Upon reaching the line containing "From HB Require Import structures.", output that line and all remaining lines exactly, through the end of the entries, and output nothing before it.

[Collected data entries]
◇ ◇ ◇

(* Let $p$ be a prime, $n\ge1$, $\mathbb{F}=\mathbb{F}_{p^n}$, $F=p^n$, and $f,g:\mathbb{F}\to[0,1]$. Let $k$ be an integer with $2\le k\le F$, let $A$ be a set of $k$ points at which $|\hat f|$ takes its $k$ largest values (i.e. $|\hat f(a)|\ge|\hat f(b)|$ for all $a\in A$, $b\notin A$), and $B=A-A$. Let $n'$ be an integer with $$1+\frac{\log\binom{k}{2}}{\log p}\ \le\ n'\ <\ 2+\frac{\log\binom{k}{2}}{\log p},\qquad n'\le n,$$ and let $S$ be the set of all $\mathbb{F}_p$-subspaces of $\mathbb{F}$ of dimension $n'$. Suppose $\mathbb{E}(g)>8p^{-1/2}k^{-1}$. Then there exists $W\in S$ such that (i) $B\cap W^\perp=\{0\}$, and (ii) at least $F/4$ elements $t\in\mathbb{F}$ satisfy $\sum_{m\in t+W}g(m)\ge \mathbb{E}(g)|W|/2$.
   Context: Identify $\mathbb{F}$ with $\mathbb{F}_p^n$ via a fixed standard $\mathbb{F}_p$-basis and let $a\cdot m$ be the dot product; $W^\perp=\{v: v\cdot w=0\ \forall w\in W\}$. With $\omega=e^{2\pi i/p}$, $\hat f(a)=\sum_m f(m)\omega^{a\cdot m}$. $\mathbb{E}(g)=F^{-1}\sum_m g(m)$. *)

From HB Require Import structures.
From mathcomp Require Import all_boot all_order all_algebra.
From mathcomp Require Import all_classical all_reals all_analysis.
From mathcomp Require Import complex.
Set Implicit Arguments. Unset Strict Implicit. Unset Printing Implicit Defensive.
Import Order.TTheory GRing.Theory Num.Theory ComplexField.
Local Open Scope ring_scope.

◇ ◇ ◇

## OUTPUT OF THE EXERCISE
From HB Require Import structures.
From mathcomp Require Import all_boot all_order all_algebra.
From mathcomp Require Import all_classical all_reals all_analysis.
From mathcomp Require Import complex.
Set Implicit Arguments. Unset Strict Implicit. Unset Printing Implicit Defensive.
Import Order.TTheory GRing.Theory Num.Theory ComplexField.
Local Open Scope ring_scope.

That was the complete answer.